There is also the problem that burnable CD-ROMs and DVDs use light
activated dyes which deteriorate over time and DLTs need to be
re-tensioned, clean. So one has to choose their storage location
carefully to avoid long term damage from light, humidity and strong
magnetic field. One should also refresh the their stored data on a
regular basis by making new copies of the stored data..
Roger N. Clark (change username to rnclark) wrote:
Jørn Dahl-Stamnes wrote:
Mike Jacoubowsky wrote:
A friend of mine who shoots wedding photos asked me this questions and
not being a pro myself I gave the standard common methods like backing
up in external hard disk enclosures, and burning multiple copies on DVD
disks, but I am not sure if this is what pros do.

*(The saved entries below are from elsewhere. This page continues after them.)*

(* (1) Let $(A,\cdot,[-,-])$ be a transposed Poisson algebra and $\mathcal{B}$ a nondegenerate skew-symmetric bilinear form on $A$ that is a Connes cocycle on $(A,\cdot)$ and a symplectic form on $(A,[-,-])$. Define $\star,\circ$ by $\mathcal{B}(x\star y,z)=\mathcal{B}(y,x\cdot z)$ and $\mathcal{B}(x\circ y,z)=-\mathcal{B}(y,[x,z])$. Then $(A,\star,\circ)$ is a TZPD algebra with $x\star y+y\star x=x\cdot y$ and $x\circ y-y\circ x=[x,y]$. (2) Conversely, let $(A,\star,\circ)$ be a TZPD algebra, $x\cdot y=x\star y+y\star x$, $[x,y]=x\circ y-y\circ x$. Then $A\ltimes_{-\mathcal{L}^*_{\star},\mathcal{L}^*_{\circ}}A^*$ is a transposed Poisson algebra, and $\mathcal{B}_p$ is a Connes cocycle on its commutative associative product and a symplectic form on its Lie bracket.
   Context: Finite-dimensional spaces, characteristic zero. $\mathcal{L}_\ast(x)y=x\ast y$; $\langle\rho^*(x)v^*,u\rangle=-\langle v^*,\rho(x)u\rangle$. For $(A,\cdot,[-,-])$ and linear $\mu,\rho:A\to\mathrm{End}(V)$, $A\ltimes_{\mu,\rho}V$ is $A\oplus V$ with $(x,u)\cdot(y,v)=(x\cdot y,\mu(x)v+\mu(y)u)$, $[(x,u),(y,v)]=([x,y],\rho(x)v-\rho(y)u)$. $\mathcal{B}_p((x,a^* ),(y,b^* ))=\langle x,b^*\rangle-\langle a^*,y\rangle$. Connes cocycle on $(A,\cdot)$: skew-symmetric $\mathcal{B}$ with $\mathcal{B}(x\cdot y,z)+\mathcal{B}(y\cdot z,x)+\mathcal{B}(z\cdot x,y)=0$; symplectic form on a Lie algebra: nondegenerate skew-symmetric $\mathcal{B}$ with $\mathcal{B}([x,y],z)+\mathcal{B}([y,z],x)+\mathcal{B}([z,x],y)=0$. Transposed Poisson algebra: $(A,\cdot)$ commutative associative, $(A,[-,-])$ Lie, $2z\cdot[x,y]=[z\cdot x,y]+[x,z\cdot y]$. Zinbiel: $x\star(y\star z)=(x\star y)\star z+(y\star x)\star z$. Pre-Lie: $(x\circ y)\circ z-x\circ(y\circ z)=(y\circ x)\circ z-y\circ(x\circ z)$. A TZPD algebra is $(A,\star,\circ)$ with $(A,\star)$ Zinbiel, $(A,\circ)$ pre-Lie, and for all $x,y,z$: $2y\circ(x\star z)=(x\star y+y\star x)\circ z+x\star(y\circ z)$; $2(x\circ y-y\circ x)\star z=x\star(y\circ z)-y\star(x\circ z)$; $y\circ(x\star z+z\star x)-x\circ(y\star z+z\star y)+z\star(x\circ y-y\circ x)=0$. *)

From HB Require Import structures.
From mathcomp Require Import all_boot all_order all_algebra.
Set Implicit Arguments. Unset Strict Implicit. Unset Printing Implicit Defensive.
Import GRing.Theory.
Local Open Scope ring_scope.

(* Conventions: K is a field (char 0 assumed in the theorem), the
   finite-dimensional space A is K^n = 'rV[K]_n, its dual A^* is also
   'rV[K]_n with the canonical pairing <a, u> = \sum_i a_i u_i. *)

Section Defs.
Variable K : fieldType.

Section Generic.
Variable V : lmodType K.

Definition bilin_op (m : V -> V -> V) : Prop :=
  (forall (a : K) x y z, m (a *: x + y) z = a *: m x z + m y z) /\
  (forall (a : K) x y z, m z (a *: x + y) = a *: m z x + m z y).

Definition bilin_form (B : V -> V -> K) : Prop :=
  (forall (a : K) x y z, B (a *: x + y) z = a * B x z + B y z) /\
  (forall (a : K) x y z, B z (a *: x + y) = a * B z x + B z y).

Definition skew_form (B : V -> V -> K) : Prop :=
  forall x y, B x y = - B y x.

Definition nondeg_form (B : V -> V -> K) : Prop :=
  forall x, (forall y, B x y = 0) -> x = 0.

Definition connes_cocycle (dot : V -> V -> V) (B : V -> V -> K) : Prop :=
  bilin_form B /\ skew_form B /\
  forall x y z, B (dot x y) z + B (dot y z) x + B (dot z x) y = 0.

Definition symplectic_form (br : V -> V -> V) (B : V -> V -> K) : Prop :=
  bilin_form B /\ nondeg_form B /\ skew_form B /\
  forall x y z, B (br x y) z + B (br y z) x + B (br z x) y = 0.

Definition comm_assoc_alg (dot : V -> V -> V) : Prop :=
  bilin_op dot /\ (forall x y, dot x y = dot y x) /\
  (forall x y z, dot (dot x y) z = dot x (dot y z)).

Definition lie_alg (br : V -> V -> V) : Prop :=
  bilin_op br /\ (forall x, br x x = 0) /\
  (forall x y z, br x (br y z) + br y (br z x) + br z (br x y) = 0).

Definition transposed_poisson (dot br : V -> V -> V) : Prop :=
  comm_assoc_alg dot /\ lie_alg br /\
  forall x y z, dot z (br x y) *+ 2 = br (dot z x) y + br x (dot z y).

Definition zinbiel (star : V -> V -> V) : Prop :=
  bilin_op star /\
  forall x y z, star x (star y z) = star (star x y) z + star (star y x) z.

Definition pre_lie (circ : V -> V -> V) : Prop :=
  bilin_op circ /\
  forall x y z, circ (circ x y) z - circ x (circ y z)
              = circ (circ y x) z - circ y (circ x z).

Definition TZPD (star circ : V -> V -> V) : Prop :=
  zinbiel star /\ pre_lie circ /\
  (forall x y z, circ y (star x z) *+ 2
                 = circ (star x y + star y x) z + star x (circ y z)) /\
  (forall x y z, star (circ x y - circ y x) z *+ 2
                 = star x (circ y z) - star y (circ x z)) /\
  (forall x y z, circ y (star x z + star z x) - circ x (star y z + star z y)
                 + star z (circ x y - circ y x) = 0).
End Generic.

Section Coord.
Variable n : nat.

Definition pairing (a u : 'rV[K]_n) : K := \sum_(i < n) a 0 i * u 0 i.

(* dual representation rho' with <rho'(x) a, u> = - <a, rho(x) u> *)
Definition dual_rep (rho : 'rV[K]_n -> 'rV[K]_n -> 'rV[K]_n)
  : 'rV[K]_n -> 'rV[K]_n -> 'rV[K]_n :=
  fun x a => \row_j (- pairing a (rho x (delta_mx 0 j))).

Definition sd_prod_mul (dot : 'rV[K]_n -> 'rV[K]_n -> 'rV[K]_n)
  (mu : 'rV[K]_n -> 'rV[K]_n -> 'rV[K]_n) :
  'rV[K]_n * 'rV[K]_n -> 'rV[K]_n * 'rV[K]_n -> 'rV[K]_n * 'rV[K]_n :=
  fun p q => (dot p.1 q.1, mu p.1 q.2 + mu q.1 p.2).

Definition sd_prod_br (br : 'rV[K]_n -> 'rV[K]_n -> 'rV[K]_n)
  (rho : 'rV[K]_n -> 'rV[K]_n -> 'rV[K]_n) :
  'rV[K]_n * 'rV[K]_n -> 'rV[K]_n * 'rV[K]_n -> 'rV[K]_n * 'rV[K]_n :=
  fun p q => (br p.1 q.1, rho p.1 q.2 - rho q.1 p.2).

Definition Bp (p q : 'rV[K]_n * 'rV[K]_n) : K :=
  pairing q.2 p.1 - pairing p.2 q.1.
End Coord.
End Defs.

From mathcomp Require Import all_boot all_order all_algebra.
From mathcomp Require Import ring.
Set Implicit Arguments. Unset Strict Implicit. Unset Printing Implicit Defensive.
Import GRing.Theory.
Local Open Scope ring_scope.
Lemma GammaT_acc : acc o nty neg eqn nf GammaT.
Proof.
split=> [A [[]] // | A GA].
split; first by move=> s; apply: GammaT_DN GA.
split; first by move=> s t; apply: GammaT_BQ GA.
split; first by move=> s t; apply: GammaT_BE GA.
split; first by move=> S T s t Ast u; apply: GammaT_FQ GA Ast.
split; first by move=> S T s t; apply: GammaT_FE GA.
split; first by move=> x tys ss ts; apply: GammaT_Mat GA.
split; first by move=> x a tys ss ts; apply: GammaT_Dec GA.
by move=> a s t u v; apply: GammaT_Con GA.
Qed.

End Consistency.

Theorem lemma9p1
  (B : countType) (o : B) (N : countType) (nty : N -> ty B)
  (neg : N) (eqn : ty B -> N) (nf : tm N -> tm N)
  (* logical constants *)
  (Hneg : nty neg = Arr (Base o) (Base o))
  (Heqn : forall T, nty (eqn T) = Arr T (Arr T (Base o)))
  (* infinitely many names of each type *)
  (Hinf : forall (T : ty B) (l : list N), exists x, nty x = T /\ ~ In x l)
  (* the normalization operator *)
  (Hnf_ty : forall s T, has_ty nty s T -> has_ty nty (nf s) T)
  (Hnf_idem : forall s T, has_ty nty s T -> nf (nf s) = nf s)
  (Hnf_app : forall s t S T, has_ty nty s (Arr S T) -> has_ty nty t S ->
       nf (Ap (nf s) t) = nf (Ap s t))
  (Hnf_head : forall x ss b, has_ty nty (apps (Nm x) ss) (Base b) ->
       nf (apps (Nm x) ss) = apps (Nm x) (map nf ss)) :
  acc o nty neg eqn nf (GammaT o nty neg eqn nf).
Proof.
exact: GammaT_acc Hneg Heqn Hinf Hnf_ty Hnf_idem Hnf_head.
Qed.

I was wondering if you are a pro photographer how you normally archive
your work and your clients' images? How long you plan to keep the
archives?
Everything is stored on two separate computers, one local, the other a
RAID5 backup server (RAID5 is such that a single disk can fail and you
still have all your data, but if two disks fail...). Anything important is
further archived to DVD.
And if your house burn down?
1) Raid is great (I have over 20 raid arrays at work and several
more on order). But raid CAN fail. A controller failure
can be disastrous. I had a fan fail over a weekend and in the
two 7-disk raid array in one enclosure, one of the
arrays got cooked and all data were lost. The drives were
flaky and we had to throw them away.
2) Fortunately, the data were backed up to a second raid array in
another building. Critical data were also on DVD.
For my home photography, I have about 600 gigabytes and back
up the data to 3 sets of usb drives, rotating the backups.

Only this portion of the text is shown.